▶ [TASK DESCRIPTION]: Exactly as they appear, restate the lines of the material, from the first through the one containing "by apply: contra".
--------------------
Lemma glue_cells_partition : fin_meas_partition G1 -> fin_meas_partition G2 ->
  fin_meas_partition (glue_cells G1 G2).
Proof.
case=> mG1 disjG1 covG1 [mG2 disjG2 covG2]; split.
- move=> k; rewrite /glue_cells; case: (fintype.split k) => j; apply: measurableI;
    apply: measurable_funT_preimage => //.
  + exact: measurableT_comp measurable_fst measurable_snd.
  + exact: measurableT_comp measurable_snd measurable_snd.
- move=> k l kl; rewrite /glue_cells.
  have : fintype.split k != fintype.split l.
    by apply: contra kl => /eqP kl'; rewrite -(fintype.splitK k) -(fintype.splitK l) kl'.
  case: (fintype.split k) => i; case: (fintype.split l) => j //= ij;
    apply/seteqP; split => // z [[z1 Gi] [z1' Gj]].
  + by have := disjG1 i j ij; move/seteqP => [/(_ _ (conj Gi Gj))].
  + by move: z1 z1' => /= ->.
  + by move: z1 z1' => /= ->.
  + by have := disjG2 i j ij; move/seteqP => [/(_ _ (conj Gi Gj))].
- move=> [[] [z1 z2]].
  + by have [j G1j] := covG1 z1; exists (lshift m2 j); rewrite glue_lshift.
  + by have [j G2j] := covG2 z2; exists (rshift m1 j); rewrite glue_rshift.
Qed.

End glue_cells.

End switch.

Section coin_mixture.
Context {R : realType} {dO} {O : measurableType dO} (P : probability O R).
Context {dS1} {S1 : measurableType dS1} (nu1 : probability S1 R).
Context {dS2} {S2 : measurableType dS2} (nu2 : probability S2 R).
Context {dZ1} {Z1 : measurableType dZ1} {V1 : O * S1 -> Z1}.
Context {dZ2} {Z2 : measurableType dZ2} {V2 : O * S2 -> Z2}.
Hypotheses (mV1 : measurable_fun setT V1) (mV2 : measurable_fun setT V2).
Context {t : R}.
Hypothesis t01 : 0 < t < 1.

Local Notation noise := (bernoulli_prob t \x (nu1 \x nu2))%E.
Local Notation V := (switch V1 V2).

Let measurable_face_true {H : set (O * (bool * (Z1 * Z2)))} : measurable H ->
  measurable [set w : O * S1 | H (w.1, (true, (V1 w, point)))].
Proof.
move=> mH; apply: measurable_funT_preimage mH; apply: measurable_fun_pair => //.
by apply: measurable_fun_pair => //; apply: measurable_fun_pair.
Qed.

Let measurable_face_false {H : set (O * (bool * (Z1 * Z2)))} : measurable H ->
  measurable [set w : O * S2 | H (w.1, (false, (point, V2 w)))].
Proof.
move=> mH; apply: measurable_funT_preimage mH; apply: measurable_fun_pair => //.
by apply: measurable_fun_pair => //; apply: measurable_fun_pair.
Qed.

Let t_gt0 : 0 < t. Proof. by case/andP: t01. Qed.
Let onem_t_gt0 : 0 < 1 - t. Proof. by rewrite subr_gt0; case/andP: t01. Qed.
Let t_ge0 : 0 <= t. Proof. exact: ltW. Qed.
Let onem_t_ge0 : 0 <= 1 - t. Proof. exact: ltW. Qed.

Lemma noise_xsection_switch (H : set (O * (bool * (Z1 * Z2)))) o :
  measurable H ->
  noise (xsection [set w | H (w.1, V w)] o) =
  (t%:E * nu1 (xsection [set w | H (w.1, (true, (V1 w, point)))] o) +
   (1 - t)%:E * nu2 (xsection [set w | H (w.1, (false, (point, V2 w)))] o))%E.
Proof.
move=> mH; set E := [set w | H (w.1, V w)].
set E1 := [set w | H (w.1, (true, (V1 w, point)))].
set E2 := [set w | H (w.1, (false, (point, V2 w)))].
have mE1 : measurable E1 := measurable_face_true mH.
have mE2 : measurable E2 := measurable_face_false mH.
rewrite -[LHS]/(\int[bernoulli_prob t]_b (nu1 \x nu2)%E (xsection (xsection E o) b))%E.
rewrite integral_bernoulli_prob //; last by rewrite t_ge0 -subr_ge0 onem_t_ge0.
have -> : xsection (xsection E o) true = xsection E1 o `*` setT.
  apply/seteqP; split => -[s1 s2]; rewrite /xsection /= !inE /=.
  - by move=> /set_mem E1s.
  - by case=> E1s _; apply: mem_set.
have -> : xsection (xsection E o) false = setT `*` xsection E2 o.
  apply/seteqP; split => -[s1 s2]; rewrite /xsection /= !inE /=.
  - by move=> /set_mem E2s.
  - by case=> _ E2s; apply: mem_set.
rewrite !product_measure1E //; try exact: measurable_xsection.
congr (_ * _ + _ * _)%E; [rewrite -[RHS]mule1 | rewrite -[RHS]mul1e];
  by congr (_ * _)%E; exact: probability_setT.
Qed.

Lemma product_switchE (H : set (O * (bool * (Z1 * Z2)))) : measurable H ->
  (P \x noise)%E [set w | H (w.1, V w)] =
  (t%:E * (P \x nu1)%E [set w | H (w.1, (true, (V1 w, point)))] +
   (1 - t)%:E * (P \x nu2)%E [set w | H (w.1, (false, (point, V2 w)))])%E.
Proof.
move=> mH; set E1 := [set w | H (w.1, (true, (V1 w, point)))].
set E2 := [set w | H (w.1, (false, (point, V2 w)))].
have mE1 : measurable E1 := measurable_face_true mH.
have mE2 : measurable E2 := measurable_face_false mH.
rewrite -[LHS]/(\int[P]_o noise (xsection [set w | H (w.1, V w)] o))%E.
rewrite -[(P \x nu1)%E E1]/(\int[P]_o nu1 (xsection E1 o))%E.
rewrite -[(P \x nu2)%E E2]/(\int[P]_o nu2 (xsection E2 o))%E.
rewrite -!ge0_integralZl_EFin //; try exact: measurable_fun_xsection.
rewrite -ge0_integralD //; first last.
- by apply: measurable_funeM; exact: measurable_fun_xsection.
- by move=> x _; rewrite mule_ge0.
- by apply: measurable_funeM; exact: measurable_fun_xsection.
- by move=> x _; rewrite mule_ge0.
by apply: eq_integral => o _; exact: noise_xsection_switch.
Qed.

Context {U : O -> bool}.
Hypothesis mU : measurable_fun setT U.

Let mU_fst {dT} {T : measurableType dT} : measurable_fun setT (U \o @fst O T).
Proof. exact: measurableT_comp mU measurable_fst. Qed.

Let mV : measurable_fun setT V.
Proof. exact: measurable_switch. Qed.

Lemma switch_cell_prob (S : set bool) (B : set (bool * (Z1 * Z2))) :
  measurable B ->
  fine ((P \x noise)%E ((U \o fst) @^-1` S `&` V @^-1` B)) =
  t * fine ((P \x nu1)%E ((U \o fst) @^-1` S `&` V1 @^-1` slice_true B)) +
  (1 - t) * fine ((P \x nu2)%E ((U \o fst) @^-1` S `&` V2 @^-1` slice_false B)).
Proof.
move=> mB; have mS : measurable (U @^-1` S) by exact: measurable_funT_preimage.
apply: EFin_inj; rewrite EFinD !EFinM !fine_probabilityK.
- exact: (product_switchE _ (measurableX mS mB)).
- apply: measurableI; apply: measurable_funT_preimage => //.
  + exact: mU_fst.
  + exact: measurable_slice_false.
- apply: measurableI; apply: measurable_funT_preimage => //.
  + exact: mU_fst.
  + exact: measurable_slice_true.
- by apply: measurableI; apply: measurable_funT_preimage => //; exact: mU_fst.
Qed.

Lemma switch_prob (B : set (bool * (Z1 * Z2))) : measurable B ->
  fine ((P \x noise)%E (V @^-1` B)) =
  t * fine ((P \x nu1)%E (V1 @^-1` slice_true B)) +
  (1 - t) * fine ((P \x nu2)%E (V2 @^-1` slice_false B)).
Proof.
by move=> mB; have := switch_cell_prob setT _ mB; rewrite !preimage_setT !setTI.
Qed.

Let fine_prob_U_fst {dT} {T : measurableType dT} (nu : probability T R) S :
  fine ((P \x nu)%E ((U \o fst) @^-1` S)) = fine (P (U @^-1` S)).
Proof.
rewrite -[(U \o fst) @^-1` S]/(fst @^-1` (U @^-1` S)) product_probability_fst //.
exact: measurable_funT_preimage.
Qed.

Let mUS {dT} {T : measurableType dT} S : measurable ((U \o @fst O T) @^-1` S).
Proof. by apply: measurable_funT_preimage => //; exact: mU_fst. Qed.

Lemma quantized_mi_switch_le {n} (F : 'I_n -> set bool) {m}
    (G : 'I_m -> set (bool * (Z1 * Z2))) :
  (forall j, measurable (G j)) ->
  quantized_mi (P \x noise)%E (U \o fst) V F G <=
  t * quantized_mi (P \x nu1)%E (U \o fst) V1 F (fun j => slice_true (G j)) +
  (1 - t) * quantized_mi (P \x nu2)%E (U \o fst) V2 F (fun j => slice_false (G j)).
Proof.
move=> mG; rewrite /quantized_mi !mulr_sumr -big_split; apply: ler_sum => i _.
rewrite !mulr_sumr -big_split; apply: ler_sum => j _ /=.
have mV1G : measurable (V1 @^-1` slice_true (G j)).
  exact/measurable_funT_preimage/measurable_slice_true.
have mV2G : measurable (V2 @^-1` slice_false (G j)).
  exact/measurable_funT_preimage/measurable_slice_false.
rewrite [X in mi_term X _ _ <= _]switch_cell_prob //.
rewrite [X in mi_term _ _ X <= _]switch_prob //.
rewrite [X in mi_term _ X _ <= _]fine_prob_U_fst.
rewrite (fine_prob_U_fst nu1 (F i)) (fine_prob_U_fst nu2 (F i)).
apply: mi_term_convex => //.
- exact/fine_ge0/measure_ge0.
- by rewrite -(fine_prob_U_fst nu1 (F i)); exact: fine_probabilityIl (mUS _) mV1G.
- exact: fine_probabilityIr (mUS _) mV1G.
- exact/fine_ge0/measure_ge0.
- by rewrite -(fine_prob_U_fst nu2 (F i)); exact: fine_probabilityIl (mUS _) mV2G.
- exact: fine_probabilityIr (mUS _) mV2G.
Qed.

Lemma quantized_mi_switch_glue {n} (F : 'I_n -> set bool) {m1 m2}
    (G1 : 'I_m1 -> set Z1) (G2 : 'I_m2 -> set Z2) :
  fin_meas_partition G1 -> fin_meas_partition G2 ->
  quantized_mi (P \x noise)%E (U \o fst) V F (glue_cells G1 G2) =
  t * quantized_mi (P \x nu1)%E (U \o fst) V1 F G1 +
  (1 - t) * quantized_mi (P \x nu2)%E (U \o fst) V2 F G2.
Proof.
move=> partG1 partG2; have [mG _ _] := glue_cells_partition partG1 partG2.
rewrite /quantized_mi !mulr_sumr -big_split; apply: eq_bigr => i _ /=.
rewrite big_split_ord /= !mulr_sumr; congr (_ + _); apply: eq_bigr => j _.
- rewrite [X in mi_term X _ _]switch_cell_prob // [X in mi_term _ _ X]switch_prob //.
  rewrite [X in mi_term _ X _]fine_prob_U_fst (fine_prob_U_fst nu1 (F i)).
  rewrite slice_true_glue_lshift slice_false_glue_lshift preimage_set0 setI0.
  by rewrite measure0 /= !mulr0 !addr0 mi_term_scale.
- rewrite [X in mi_term X _ _]switch_cell_prob // [X in mi_term _ _ X]switch_prob //.
  rewrite [X in mi_term _ X _]fine_prob_U_fst (fine_prob_U_fst nu2 (F i)).
  rewrite slice_true_glue_rshift slice_false_glue_rshift preimage_set0 setI0.
  by rewrite measure0 /= !mulr0 !add0r mi_term_scale.
Qed.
--------------------
▶ [SOLUTION FOR THIS EXERCISE]:
Lemma glue_cells_partition : fin_meas_partition G1 -> fin_meas_partition G2 ->
  fin_meas_partition (glue_cells G1 G2).
Proof.
case=> mG1 disjG1 covG1 [mG2 disjG2 covG2]; split.
- move=> k; rewrite /glue_cells; case: (fintype.split k) => j; apply: measurableI;
    apply: measurable_funT_preimage => //.
  + exact: measurableT_comp measurable_fst measurable_snd.
  + exact: measurableT_comp measurable_snd measurable_snd.
- move=> k l kl; rewrite /glue_cells.
  have : fintype.split k != fintype.split l.
    by apply: contra kl => /eqP kl'; rewrite -(fintype.splitK k) -(fintype.splitK l) kl'.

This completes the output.